§ TASK STATEMENT: Where a line in the listing below contains the word "andP", copy that line.

--- START ---

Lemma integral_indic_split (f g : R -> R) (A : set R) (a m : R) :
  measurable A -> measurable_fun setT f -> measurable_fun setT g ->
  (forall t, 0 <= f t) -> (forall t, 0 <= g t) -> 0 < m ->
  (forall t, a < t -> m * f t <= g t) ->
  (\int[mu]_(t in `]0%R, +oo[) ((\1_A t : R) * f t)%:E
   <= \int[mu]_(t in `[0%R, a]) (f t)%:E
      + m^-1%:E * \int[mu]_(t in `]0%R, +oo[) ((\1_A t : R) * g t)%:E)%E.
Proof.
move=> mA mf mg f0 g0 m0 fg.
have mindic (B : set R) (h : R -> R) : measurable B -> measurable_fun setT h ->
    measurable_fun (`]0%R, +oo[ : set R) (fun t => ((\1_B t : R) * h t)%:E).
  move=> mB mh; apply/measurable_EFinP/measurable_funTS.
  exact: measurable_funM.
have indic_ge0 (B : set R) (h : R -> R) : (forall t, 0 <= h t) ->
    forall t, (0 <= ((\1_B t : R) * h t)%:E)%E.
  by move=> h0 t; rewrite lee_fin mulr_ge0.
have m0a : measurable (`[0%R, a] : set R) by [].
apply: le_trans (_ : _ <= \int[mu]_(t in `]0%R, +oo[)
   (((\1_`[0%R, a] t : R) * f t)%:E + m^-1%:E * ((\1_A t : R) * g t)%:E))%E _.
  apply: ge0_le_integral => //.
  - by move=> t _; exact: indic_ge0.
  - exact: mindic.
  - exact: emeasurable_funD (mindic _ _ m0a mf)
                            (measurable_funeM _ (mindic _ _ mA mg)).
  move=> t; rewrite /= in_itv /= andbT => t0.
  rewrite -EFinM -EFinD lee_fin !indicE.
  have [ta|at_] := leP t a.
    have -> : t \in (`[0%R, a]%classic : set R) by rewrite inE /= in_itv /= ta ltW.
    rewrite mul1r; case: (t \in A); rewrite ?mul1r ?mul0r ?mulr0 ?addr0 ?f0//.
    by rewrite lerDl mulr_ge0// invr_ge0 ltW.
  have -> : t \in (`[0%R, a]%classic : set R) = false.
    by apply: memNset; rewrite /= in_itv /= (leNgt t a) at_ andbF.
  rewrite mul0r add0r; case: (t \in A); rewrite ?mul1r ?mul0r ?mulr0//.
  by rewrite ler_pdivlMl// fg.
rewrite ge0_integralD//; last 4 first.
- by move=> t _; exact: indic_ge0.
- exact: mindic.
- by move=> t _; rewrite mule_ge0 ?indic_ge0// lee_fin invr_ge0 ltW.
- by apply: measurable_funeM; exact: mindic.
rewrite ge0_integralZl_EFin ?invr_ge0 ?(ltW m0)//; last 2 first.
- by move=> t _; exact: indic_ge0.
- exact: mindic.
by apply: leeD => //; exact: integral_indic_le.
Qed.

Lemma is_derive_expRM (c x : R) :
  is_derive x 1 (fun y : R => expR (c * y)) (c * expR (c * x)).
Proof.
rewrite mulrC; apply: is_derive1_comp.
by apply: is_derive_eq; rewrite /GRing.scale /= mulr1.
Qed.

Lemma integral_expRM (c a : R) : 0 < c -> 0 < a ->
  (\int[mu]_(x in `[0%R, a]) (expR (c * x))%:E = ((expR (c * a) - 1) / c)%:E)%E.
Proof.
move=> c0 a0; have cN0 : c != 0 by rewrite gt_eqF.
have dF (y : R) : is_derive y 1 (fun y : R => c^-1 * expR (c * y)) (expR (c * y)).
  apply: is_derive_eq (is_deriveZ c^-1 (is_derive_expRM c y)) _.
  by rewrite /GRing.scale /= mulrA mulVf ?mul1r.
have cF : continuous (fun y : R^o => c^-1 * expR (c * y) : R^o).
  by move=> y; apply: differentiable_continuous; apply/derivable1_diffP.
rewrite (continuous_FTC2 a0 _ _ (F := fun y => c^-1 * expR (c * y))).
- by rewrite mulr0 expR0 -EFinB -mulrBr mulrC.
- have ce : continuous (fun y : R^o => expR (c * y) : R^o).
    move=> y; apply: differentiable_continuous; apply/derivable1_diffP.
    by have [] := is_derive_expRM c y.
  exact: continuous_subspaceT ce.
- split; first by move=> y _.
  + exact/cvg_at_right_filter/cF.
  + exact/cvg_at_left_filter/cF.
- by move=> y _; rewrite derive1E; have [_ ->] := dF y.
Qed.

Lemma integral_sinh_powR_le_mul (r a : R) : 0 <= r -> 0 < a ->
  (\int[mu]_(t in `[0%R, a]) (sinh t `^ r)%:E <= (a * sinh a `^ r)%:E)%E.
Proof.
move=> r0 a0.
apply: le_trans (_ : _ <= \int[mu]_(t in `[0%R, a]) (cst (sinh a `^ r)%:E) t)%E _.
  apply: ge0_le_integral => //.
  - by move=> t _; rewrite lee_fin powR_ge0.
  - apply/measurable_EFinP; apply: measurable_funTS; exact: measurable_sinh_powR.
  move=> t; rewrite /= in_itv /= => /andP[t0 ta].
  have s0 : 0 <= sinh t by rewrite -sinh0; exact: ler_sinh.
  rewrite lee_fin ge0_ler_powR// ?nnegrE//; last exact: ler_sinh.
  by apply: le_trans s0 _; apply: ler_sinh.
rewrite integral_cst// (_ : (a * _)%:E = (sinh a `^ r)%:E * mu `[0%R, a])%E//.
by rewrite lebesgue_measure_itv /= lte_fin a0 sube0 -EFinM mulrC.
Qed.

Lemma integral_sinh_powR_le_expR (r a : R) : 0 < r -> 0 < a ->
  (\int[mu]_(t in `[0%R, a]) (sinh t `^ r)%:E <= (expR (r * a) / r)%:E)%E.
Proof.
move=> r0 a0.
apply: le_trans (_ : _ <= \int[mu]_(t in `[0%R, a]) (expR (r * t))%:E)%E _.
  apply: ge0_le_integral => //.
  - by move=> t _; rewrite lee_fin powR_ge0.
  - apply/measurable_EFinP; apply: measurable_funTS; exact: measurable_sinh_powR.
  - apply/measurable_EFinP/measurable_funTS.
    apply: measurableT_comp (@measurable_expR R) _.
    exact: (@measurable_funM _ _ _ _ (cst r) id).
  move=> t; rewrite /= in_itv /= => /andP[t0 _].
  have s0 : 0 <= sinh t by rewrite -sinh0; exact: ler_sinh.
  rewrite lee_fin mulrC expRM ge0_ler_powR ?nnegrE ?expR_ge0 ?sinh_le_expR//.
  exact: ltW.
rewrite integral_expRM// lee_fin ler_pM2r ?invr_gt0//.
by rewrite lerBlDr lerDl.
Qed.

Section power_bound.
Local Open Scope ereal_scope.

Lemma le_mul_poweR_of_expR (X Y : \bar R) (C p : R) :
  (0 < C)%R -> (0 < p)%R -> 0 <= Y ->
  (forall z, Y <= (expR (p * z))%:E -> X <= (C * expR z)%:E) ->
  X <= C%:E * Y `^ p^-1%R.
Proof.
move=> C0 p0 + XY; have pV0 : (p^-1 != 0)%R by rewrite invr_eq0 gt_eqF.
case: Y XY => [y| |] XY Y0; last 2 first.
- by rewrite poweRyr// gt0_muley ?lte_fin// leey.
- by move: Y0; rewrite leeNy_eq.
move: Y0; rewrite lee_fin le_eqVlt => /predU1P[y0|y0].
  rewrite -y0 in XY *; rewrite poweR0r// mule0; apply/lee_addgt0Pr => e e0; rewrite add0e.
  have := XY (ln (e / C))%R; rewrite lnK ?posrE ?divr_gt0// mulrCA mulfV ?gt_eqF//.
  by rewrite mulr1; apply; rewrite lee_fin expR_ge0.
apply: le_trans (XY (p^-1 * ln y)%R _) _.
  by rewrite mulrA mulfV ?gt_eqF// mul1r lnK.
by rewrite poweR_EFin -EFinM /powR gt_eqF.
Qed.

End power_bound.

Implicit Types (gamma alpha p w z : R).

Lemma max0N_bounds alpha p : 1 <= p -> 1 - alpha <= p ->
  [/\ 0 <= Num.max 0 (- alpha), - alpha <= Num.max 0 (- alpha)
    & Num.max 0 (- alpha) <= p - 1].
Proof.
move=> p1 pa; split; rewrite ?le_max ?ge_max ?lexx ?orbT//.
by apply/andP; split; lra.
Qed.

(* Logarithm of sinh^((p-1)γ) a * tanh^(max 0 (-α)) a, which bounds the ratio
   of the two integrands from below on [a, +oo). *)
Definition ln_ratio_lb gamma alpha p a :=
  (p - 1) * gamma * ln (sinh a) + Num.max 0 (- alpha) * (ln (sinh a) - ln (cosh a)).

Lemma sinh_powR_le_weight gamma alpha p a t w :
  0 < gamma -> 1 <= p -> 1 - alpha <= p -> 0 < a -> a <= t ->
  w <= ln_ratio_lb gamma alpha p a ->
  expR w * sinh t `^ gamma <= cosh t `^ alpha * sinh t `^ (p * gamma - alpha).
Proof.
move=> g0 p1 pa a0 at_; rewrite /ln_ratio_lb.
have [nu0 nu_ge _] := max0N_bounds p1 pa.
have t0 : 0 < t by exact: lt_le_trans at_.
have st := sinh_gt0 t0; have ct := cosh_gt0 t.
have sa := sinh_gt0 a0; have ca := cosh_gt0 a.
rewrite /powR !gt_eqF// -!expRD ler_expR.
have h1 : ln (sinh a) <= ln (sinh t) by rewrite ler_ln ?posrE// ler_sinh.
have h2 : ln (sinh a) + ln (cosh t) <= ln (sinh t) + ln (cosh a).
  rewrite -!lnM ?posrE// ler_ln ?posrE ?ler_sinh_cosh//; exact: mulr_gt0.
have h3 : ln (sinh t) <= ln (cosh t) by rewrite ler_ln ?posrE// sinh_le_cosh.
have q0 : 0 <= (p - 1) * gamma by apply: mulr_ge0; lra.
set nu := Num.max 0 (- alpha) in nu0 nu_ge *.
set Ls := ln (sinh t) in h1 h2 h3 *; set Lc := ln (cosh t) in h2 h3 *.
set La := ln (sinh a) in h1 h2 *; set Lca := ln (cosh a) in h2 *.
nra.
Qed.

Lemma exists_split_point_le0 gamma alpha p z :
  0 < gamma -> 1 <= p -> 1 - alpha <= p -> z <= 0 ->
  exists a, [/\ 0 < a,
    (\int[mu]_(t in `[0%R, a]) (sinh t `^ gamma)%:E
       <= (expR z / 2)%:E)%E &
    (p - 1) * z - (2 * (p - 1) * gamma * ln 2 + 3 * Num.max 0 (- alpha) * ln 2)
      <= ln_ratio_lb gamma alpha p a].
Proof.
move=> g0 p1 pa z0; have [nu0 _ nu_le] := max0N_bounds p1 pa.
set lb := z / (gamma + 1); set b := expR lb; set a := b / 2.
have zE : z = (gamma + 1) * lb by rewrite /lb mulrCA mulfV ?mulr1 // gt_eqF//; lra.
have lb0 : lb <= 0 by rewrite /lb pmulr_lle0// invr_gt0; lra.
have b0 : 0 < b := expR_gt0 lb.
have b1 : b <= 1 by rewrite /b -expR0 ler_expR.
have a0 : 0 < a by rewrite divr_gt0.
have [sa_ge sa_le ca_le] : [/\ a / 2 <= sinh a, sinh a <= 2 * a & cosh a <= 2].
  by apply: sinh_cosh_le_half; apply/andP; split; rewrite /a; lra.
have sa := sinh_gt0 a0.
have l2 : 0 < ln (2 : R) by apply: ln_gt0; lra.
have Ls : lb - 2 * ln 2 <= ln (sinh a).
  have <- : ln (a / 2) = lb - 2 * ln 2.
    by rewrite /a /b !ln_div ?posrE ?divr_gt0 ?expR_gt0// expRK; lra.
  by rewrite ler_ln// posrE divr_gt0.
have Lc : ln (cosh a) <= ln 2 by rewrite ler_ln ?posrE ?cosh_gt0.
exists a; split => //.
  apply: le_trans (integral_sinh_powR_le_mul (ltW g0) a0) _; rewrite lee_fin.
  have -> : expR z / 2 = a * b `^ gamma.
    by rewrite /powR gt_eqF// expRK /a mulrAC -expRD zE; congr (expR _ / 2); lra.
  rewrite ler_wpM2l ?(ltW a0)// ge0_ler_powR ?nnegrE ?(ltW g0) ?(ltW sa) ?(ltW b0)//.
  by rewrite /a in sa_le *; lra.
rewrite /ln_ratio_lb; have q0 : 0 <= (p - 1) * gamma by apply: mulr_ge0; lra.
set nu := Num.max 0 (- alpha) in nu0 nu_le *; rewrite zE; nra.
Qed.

--- END ---
--- START ---

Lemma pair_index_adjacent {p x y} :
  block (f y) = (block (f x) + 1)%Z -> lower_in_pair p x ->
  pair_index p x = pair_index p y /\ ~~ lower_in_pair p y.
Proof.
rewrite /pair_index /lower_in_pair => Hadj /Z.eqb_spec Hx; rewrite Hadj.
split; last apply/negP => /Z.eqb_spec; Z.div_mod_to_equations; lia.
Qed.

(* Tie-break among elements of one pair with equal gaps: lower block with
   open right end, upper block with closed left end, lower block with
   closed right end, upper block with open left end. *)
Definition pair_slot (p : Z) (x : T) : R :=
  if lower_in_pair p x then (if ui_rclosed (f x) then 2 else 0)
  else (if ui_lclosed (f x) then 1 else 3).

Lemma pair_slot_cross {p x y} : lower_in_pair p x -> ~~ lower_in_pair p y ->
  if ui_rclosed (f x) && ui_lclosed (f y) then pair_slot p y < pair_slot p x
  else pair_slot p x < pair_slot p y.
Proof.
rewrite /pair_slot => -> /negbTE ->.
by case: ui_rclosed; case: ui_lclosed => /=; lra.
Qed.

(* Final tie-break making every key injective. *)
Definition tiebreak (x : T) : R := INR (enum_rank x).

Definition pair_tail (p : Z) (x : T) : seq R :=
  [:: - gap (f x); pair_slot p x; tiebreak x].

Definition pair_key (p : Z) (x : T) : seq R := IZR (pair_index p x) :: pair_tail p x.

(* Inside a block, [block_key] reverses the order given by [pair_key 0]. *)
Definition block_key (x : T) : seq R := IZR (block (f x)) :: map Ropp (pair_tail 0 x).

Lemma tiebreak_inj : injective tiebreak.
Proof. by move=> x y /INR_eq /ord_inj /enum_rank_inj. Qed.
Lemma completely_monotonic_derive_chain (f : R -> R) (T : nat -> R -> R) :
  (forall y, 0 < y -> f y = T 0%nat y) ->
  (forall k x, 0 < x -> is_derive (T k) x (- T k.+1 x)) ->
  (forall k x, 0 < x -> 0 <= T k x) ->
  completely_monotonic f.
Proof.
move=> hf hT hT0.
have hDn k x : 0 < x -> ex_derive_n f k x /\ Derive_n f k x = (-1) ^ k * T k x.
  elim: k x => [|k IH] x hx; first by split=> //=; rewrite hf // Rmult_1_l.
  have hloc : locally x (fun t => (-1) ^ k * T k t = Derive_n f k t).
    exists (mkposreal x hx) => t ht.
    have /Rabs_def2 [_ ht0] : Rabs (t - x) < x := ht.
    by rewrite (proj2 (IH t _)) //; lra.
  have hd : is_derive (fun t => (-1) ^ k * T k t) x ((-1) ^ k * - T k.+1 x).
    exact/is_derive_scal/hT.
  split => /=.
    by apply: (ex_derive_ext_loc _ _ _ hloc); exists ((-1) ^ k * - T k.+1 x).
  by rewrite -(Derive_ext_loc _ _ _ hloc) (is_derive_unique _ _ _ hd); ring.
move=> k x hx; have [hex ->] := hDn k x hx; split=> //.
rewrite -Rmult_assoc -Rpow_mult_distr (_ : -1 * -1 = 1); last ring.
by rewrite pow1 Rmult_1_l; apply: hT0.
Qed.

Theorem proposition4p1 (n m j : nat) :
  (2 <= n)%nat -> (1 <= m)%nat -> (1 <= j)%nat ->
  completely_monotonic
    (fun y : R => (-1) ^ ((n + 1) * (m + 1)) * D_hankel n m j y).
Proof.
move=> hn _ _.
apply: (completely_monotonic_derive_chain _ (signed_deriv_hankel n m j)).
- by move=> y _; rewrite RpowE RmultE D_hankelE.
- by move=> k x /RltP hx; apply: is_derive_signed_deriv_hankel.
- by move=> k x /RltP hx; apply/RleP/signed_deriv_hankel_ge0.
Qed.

--- END ---

§ TASK SOLUTION:
  move=> t; rewrite /= in_itv /= => /andP[t0 ta].
  move=> t; rewrite /= in_itv /= => /andP[t0 _].
by apply/andP; split; lra.
  by apply: sinh_cosh_le_half; apply/andP; split; rewrite /a; lra.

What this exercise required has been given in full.